To complete the installation process you need to configure the Oauth server, by editing the following files :

  • oauth/LDAP/config_ldap.php : LDAP configuration to allow user authentication on the LDAP server.
  • oauth/config_db.php : Database configuration to allow Oauth server to store data.

For more information about available parameters, refer to the configuration section of the repository README.

Configure Mattermost

Active Gitlab authentication in System Console > Gitlab (or config.json) and fill application id and secret with the two tokens got during install section. For the next fields use this :

User API Endpoint : http://HOSTNAME/oauth/resource.php
Auth Endpoint: http://HOSTNAME/oauth/authorize.php
Token Endpoint: http://HOSTNAME/oauth/token.php

Change HOSTNAME by hostname or ip of the server where you have installed Mattermost-LDAP module.

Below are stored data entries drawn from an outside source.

Lemma bounded_cvgC_subseq (u : nat -> C) (K : R) :
  (forall t, `|u t| <= K%:C) -> exists2 f, increasing_seq f & exists c, cvgC (u \o f) c.
Proof.
move=> u_le.
have [f f_incr [a Re_a]] : exists2 f, increasing_seq f &
    exists a : R, complex.Re (u (f t)) @[t --> \oo] --> a.
  apply: (@bounded_real_cvg_subseq _ (fun t => complex.Re (u t)) K) => t.
  by rewrite -lecR (le_trans (normc_ge_Re _)).
have [g g_incr [b Im_b]] : exists2 g, increasing_seq g &
    exists b : R, complex.Im (u (f (g t))) @[t --> \oo] --> b.
  apply: (@bounded_real_cvg_subseq _ (fun t => complex.Im (u (f t))) K) => t.
  by rewrite -lecR (le_trans (normC_ge_Im _)).
exists (f \o g); first exact: increasing_seq_comp.
exists (a +i* b); apply: cvgC_ReIm => //.
exact: (cvg_comp _ _ (increasing_seq_cvgy g_incr) Re_a).
Qed.

Lemma bounded_family_cvgC_subseq (I : finType) (u : I -> nat -> C) (K : R) :
  (forall i t, `|u i t| <= K%:C) ->
  exists2 f, increasing_seq f & forall i, exists c, cvgC (u i \o f) c.
Proof.
move=> u_le.
suff [f f_incr u_f] : exists2 f, increasing_seq f &
    forall i, i \in enum I -> exists c, cvgC (u i \o f) c.
  by exists f => // i; apply: u_f; rewrite mem_enum.
elim: (enum I) => [|i s [f f_incr u_f]]; first by exists id.
have [g g_incr [c u_c]] := bounded_cvgC_subseq (fun t => u_le i (f t)).
exists (f \o g); first exact: increasing_seq_comp.
move=> j; rewrite in_cons => /predU1P[-> | /u_f[d u_d]]; first by exists c.
by exists d; exact: (cvgC_subseq g_incr u_d).
Qed.

End ComplexCompactness.

Section MatrixLimits.
Variable R : realType.
Local Notation C := (complex R).

Lemma cvg_mx_subseq m n (A : nat -> 'M[C]_(m, n)) A0 f :
  increasing_seq f -> cvg_mx A A0 -> cvg_mx (A \o f) A0.
Proof. by move=> f_incr A_A0 i j; exact: (cvgC_subseq f_incr (A_A0 i j)). Qed.

Lemma cvg_mx_cst m n (A : 'M[C]_(m, n)) : cvg_mx (fun=> A) A.
Proof. by move=> i j; apply/cvgCP; exact: cvg_cst. Qed.

Lemma cvg_mxM m n p (A : nat -> 'M[C]_(m, n)) (B : nat -> 'M[C]_(n, p)) A0 B0 :
  cvg_mx A A0 -> cvg_mx B B0 -> cvg_mx (fun t => A t *m B t) (A0 *m B0).
Proof.
move=> A_A0 B_B0 i j; apply/cvgCP; rewrite mxE; under eq_cvg do rewrite mxE.
apply: cvg_big => [|k _]; first exact: add_continuous.
by apply: cvgM; [exact/cvgCP/A_A0 | exact/cvgCP/B_B0].
Qed.

Lemma cvg_mxZ m n (a : nat -> C) a0 (A : nat -> 'M[C]_(m, n)) A0 :
  cvgC a a0 -> cvg_mx A A0 -> cvg_mx (fun t => a t *: A t) (a0 *: A0).
Proof.
move=> /cvgCP a_a0 A_A0 i j; apply/cvgCP; rewrite mxE; under eq_cvg do rewrite mxE.
by apply: cvgM; [exact: a_a0 | exact/cvgCP/A_A0].
Qed.

Lemma cvg_det n (A : nat -> 'M[C]_n) A0 :
  cvg_mx A A0 -> cvgC (fun t => \det (A t)) (\det A0).
Proof.
move=> A_A0; apply/cvgCP; apply: cvg_big => [|s _]; first exact: add_continuous.
apply: cvgM; first exact: cvg_cst.
by apply: cvg_big => [|i _]; [exact: mul_continuous | apply/cvgCP].
Qed.

Lemma cvg_adj n (A : nat -> 'M[C]_n) A0 :
  cvg_mx A A0 -> cvg_mx (fun t => \adj (A t)) (\adj A0).
Proof.
move=> A_A0 i j; apply/cvgCP; rewrite mxE; under eq_cvg do rewrite mxE.
apply: cvgM; first exact: cvg_cst.
apply/cvgCP/cvg_det => k l; apply/cvgCP; rewrite !mxE; under eq_cvg do rewrite !mxE.
exact/cvgCP/A_A0.
Qed.
End MatrixLimits.

Section MatrixLimits2.
Variable R : realType.
Local Notation C := (complex R).

Lemma cvg_invmx n (A : nat -> 'M[C]_n) A0 :
  (forall t, A t \in unitmx) -> A0 \in unitmx -> cvg_mx A A0 ->
  cvg_mx (fun t => invmx (A t)) (invmx A0).
Proof.
move=> A_unit A0_unit A_A0.
have invE B : B \in unitmx -> invmx B = (\det B)^-1 *: \adj B by rewrite /invmx => ->.
have -> : (fun t => invmx (A t)) = fun t => (\det (A t))^-1 *: \adj (A t).
  by apply/funext => t; rewrite invE.
rewrite invE //; apply: cvg_mxZ (cvg_adj A_A0); apply/cvgCP.
by apply: cvgV; [rewrite -unitfE -unitmxE | exact/cvgCP/cvg_det].
Qed.

Lemma cvg_row_mx m n1 n2 (A : nat -> 'M[C]_(m, n1)) (B : nat -> 'M[C]_(m, n2)) A0 B0 :
  cvg_mx A A0 -> cvg_mx B B0 -> cvg_mx (fun t => row_mx (A t) (B t)) (row_mx A0 B0).
Proof.
move=> A_A0 B_B0 i j; apply/cvgCP; rewrite -(splitK j); case: (fintype.split j) => k /=.
  by rewrite row_mxEl; under eq_cvg do rewrite row_mxEl; exact/cvgCP/A_A0.
by rewrite row_mxEr; under eq_cvg do rewrite row_mxEr; exact/cvgCP/B_B0.
Qed.

Lemma cvg_col_mx m1 m2 n (A : nat -> 'M[C]_(m1, n)) (B : nat -> 'M[C]_(m2, n)) A0 B0 :
  cvg_mx A A0 -> cvg_mx B B0 -> cvg_mx (fun t => col_mx (A t) (B t)) (col_mx A0 B0).
Proof.
move=> A_A0 B_B0 i j; apply/cvgCP; rewrite -(splitK i); case: (fintype.split i) => k /=.
  by rewrite col_mxEu; under eq_cvg do rewrite col_mxEu; exact/cvgCP/A_A0.
by rewrite col_mxEd; under eq_cvg do rewrite col_mxEd; exact/cvgCP/B_B0.
Qed.

Lemma cvg_block_mx m1 m2 n1 n2 (A : nat -> 'M[C]_(m1, n1)) (B : nat -> 'M[C]_(m1, n2))
    (D : nat -> 'M[C]_(m2, n1)) (E : nat -> 'M[C]_(m2, n2)) A0 B0 D0 E0 :
  cvg_mx A A0 -> cvg_mx B B0 -> cvg_mx D D0 -> cvg_mx E E0 ->
  cvg_mx (fun t => block_mx (A t) (B t) (D t) (E t)) (block_mx A0 B0 D0 E0).
Proof.
move=> A_A0 B_B0 D_D0 E_E0; rewrite block_mxEv.
have -> : (fun t => block_mx (A t) (B t) (D t) (E t)) =
    fun t => col_mx (row_mx (A t) (B t)) (row_mx (D t) (E t)).
  by apply/funext => t; rewrite block_mxEv.
by apply: cvg_col_mx; apply: cvg_row_mx.
Qed.

Lemma cvg_diag_mx n (x : nat -> 'I_n -> C) (x0 : 'I_n -> C) :
  (forall i, cvgC (x^~ i) (x0 i)) ->
  cvg_mx (fun t => diag_mx (\row_i x t i)) (diag_mx (\row_i x0 i)).
Proof.
move=> x_x0 i j; apply/cvgCP; have [<-|ij] := eqVneq i j.
  under eq_cvg do rewrite !mxE eqxx mulr1n.
  by rewrite !mxE eqxx mulr1n; exact/cvgCP.
under eq_cvg do rewrite !mxE (negPf ij) mulr0n.
by rewrite !mxE (negPf ij) mulr0n; exact: cvg_cst.
Qed.
End MatrixLimits2.

Section LimitUnits.
Variable R : realType.
Local Notation C := (complex R).

Lemma sqr_det1_unitmx n (A : 'M[C]_n) : \det A ^+ 2 = 1 -> A \in unitmx.
Proof.
move=> detA; rewrite unitmxE unitfE; apply: contra_eq_neq detA => ->.
by rewrite expr0n eq_sym oner_neq0.
Qed.

Lemma cvg_mx_unitmx n (A : nat -> 'M[C]_n) A0 :
  cvg_mx A A0 -> (forall t, \det (A t) ^+ 2 = 1) -> A0 \in unitmx.
Proof.
move=> A_A0 detA; apply: sqr_det1_unitmx.
have /cvgCP det2_lim : cvgC (fun t => \det (A t) ^+ 2) (\det A0 ^+ 2).
  by apply/cvgCP; rewrite expr2; under eq_cvg do rewrite expr2; apply: cvgM; apply/cvgCP/cvg_det.
have /cvgCP det2_1 : cvgC (fun t => \det (A t) ^+ 2) 1.
  by apply/cvgCP; under eq_cvg do rewrite detA; exact: cvg_cst.
exact: cvg_unique _ det2_lim det2_1.
Qed.

End LimitUnits.

Section PivotedLDU.
Variable F : numFieldType.

Definition mx_bounded m n (K : F) (M : 'M[F]_(m, n)) := forall i j, `|M i j| <= K.

Lemma exists_max_norm (T : finType) (f : T -> F) (x0 : T) :
  exists x, forall y, `|f y| <= `|f x|.
Proof.
suff [x fx] : exists x, forall y, y \in enum T -> `|f y| <= `|f x|.
  by exists x => y; apply: fx; rewrite mem_enum.
elim: (enum T) => [|y s [x fx]]; first by exists x0.
have [le_yx|lt_xy] := real_leP (normr_real (f y)) (normr_real (f x)).
  by exists x => z; rewrite in_cons => /predU1P[->|/fx].
exists y => z; rewrite in_cons => /predU1P[->//|/fx le_zx].
exact: le_trans le_zx (ltW lt_xy).
Qed.

Lemma mx_bounded_block m1 m2 n1 n2 K (A : 'M[F]_(m1, n1)) (B : 'M[F]_(m1, n2))
    (D : 'M[F]_(m2, n1)) (E : 'M[F]_(m2, n2)) :
  mx_bounded K A -> mx_bounded K B -> mx_bounded K D -> mx_bounded K E ->
  mx_bounded K (block_mx A B D E).
Proof.
move=> bA bB bD bE i j; rewrite -(splitK i) -(splitK j).
case: (fintype.split i) (fintype.split j) => [i'|i'] [j'|j'] /=;
  by rewrite ?block_mxEul ?block_mxEur ?block_mxEdl ?block_mxEdr.
Qed.

Lemma mx_bounded_scalar1 n : mx_bounded 1 (1%:M : 'M[F]_n).
Proof. by move=> i j; rewrite mxE; case: (i == j); rewrite ?normr1 ?normr0. Qed.

Lemma mx_bounded0 m n : mx_bounded 1 (0 : 'M[F]_(m, n)).
Proof. by move=> i j; rewrite mxE normr0. Qed.

Lemma tperm_mxEl m n (i j : 'I_m) (A : 'M[F]_(m, n)) k l :
  (tperm_mx i j *m A) k l = A (tperm i j k) l.
Proof. by rewrite -xrowE mxE. Qed.

Lemma tperm_mxEr m n (i j : 'I_n) (A : 'M[F]_(m, n)) k l :
  (A *m tperm_mx i j) k l = A k (tperm i j l).
Proof. by rewrite -xcolE mxE. Qed.

Lemma tperm_mxK n (i j : 'I_n) : (tperm_mx i j : 'M[F]_n) *m tperm_mx i j = 1%:M.
Proof. by rewrite -perm_mxM tperm2 perm_mx1. Qed.

Lemma det_tperm_mx_sqr n (i j : 'I_n) : \det (tperm_mx i j : 'M[F]_n) ^+ 2 = 1.
Proof. by rewrite det_perm sqrr_sign. Qed.

Lemma diag_mx_cons n (d : nat -> F) :
  diag_mx (\row_(i < 1 + n) d i) = block_mx (d 0)%:M 0 0 (diag_mx (\row_(i < n) d i.+1)).
Proof.
rewrite -[\row_i d i](hsubmxK) diag_mx_row [diag_mx (lsubmx _)]mx11_scalar !mxE.
by congr block_mx; apply/matrixP => i j; rewrite !mxE.
Qed.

Since Mattermost 4.9, these fields are disabled in admin panel, so you need to edit directly section GitLabSettings in the Mattermost configuration file config.json.

Since Mattermost 6.x the configuration needs to be changed in the Configurations SQL table. After setting the Gitlab Site URL, Application ID & Application Secret Key via the System Console, the following SQL commands can fix the URLs:

  • UPDATE Configurations SET Value=REPLACE(Value, 'https://mm-ldap.example.com/oauth/authorize', 'https://mm-ldap.example.com/oauth/authorize.php');
  • UPDATE Configurations SET Value=REPLACE(Value, 'https://mm-ldap.example.com/oauth/token', 'https://mm-ldap.example.com/oauth/token.php');
  • UPDATE Configurations SET Value=REPLACE(Value, 'https://mm-ldap.example.com/api/v4/user', 'https://mm-ldap.example.com/oauth/resource.php');

In the config.json file, GitLab configuration is gathered in the section GitLabSettings. You have to enable it and to fill parameters with your values. Once completed, the section should look like :

    "GitLabSettings": {
        "Enable": true,
        "Secret": "fedcba987654321fedcba987654321",
        "Id": "123456789abcdef123456789abcdef",
        "Scope": "",
        "AuthEndpoint": "http://localhost/oauth/authorize.php",
        "TokenEndpoint": "http://localhost/oauth/token.php",
        "UserApiEndpoint": "http://localhost/oauth/resource.php"
    },

Note : You need to restart the Mattermost server to take into account the change.

Usage

If you have succeeded the previous step you only have to go to the login page of your Mattermost server and click on the Gitlab Button. You will be redirected to a form asking for your LDAP credentials. If your credentials are valid, you will be asked to authorize Oauth to give your information to Mattermost. After authorizing you should be redirected on Mattermost connected with your account.

Keep in mind this will create a new account on your Mattermost server with information from LDAP. The process will fail if an existing user already use your LDAP email. To bind an existing user to the LDAP authentication, sign in Mattermost with this user account, go in account settings > security > sign-in method and "switch to using Gitlab SSO".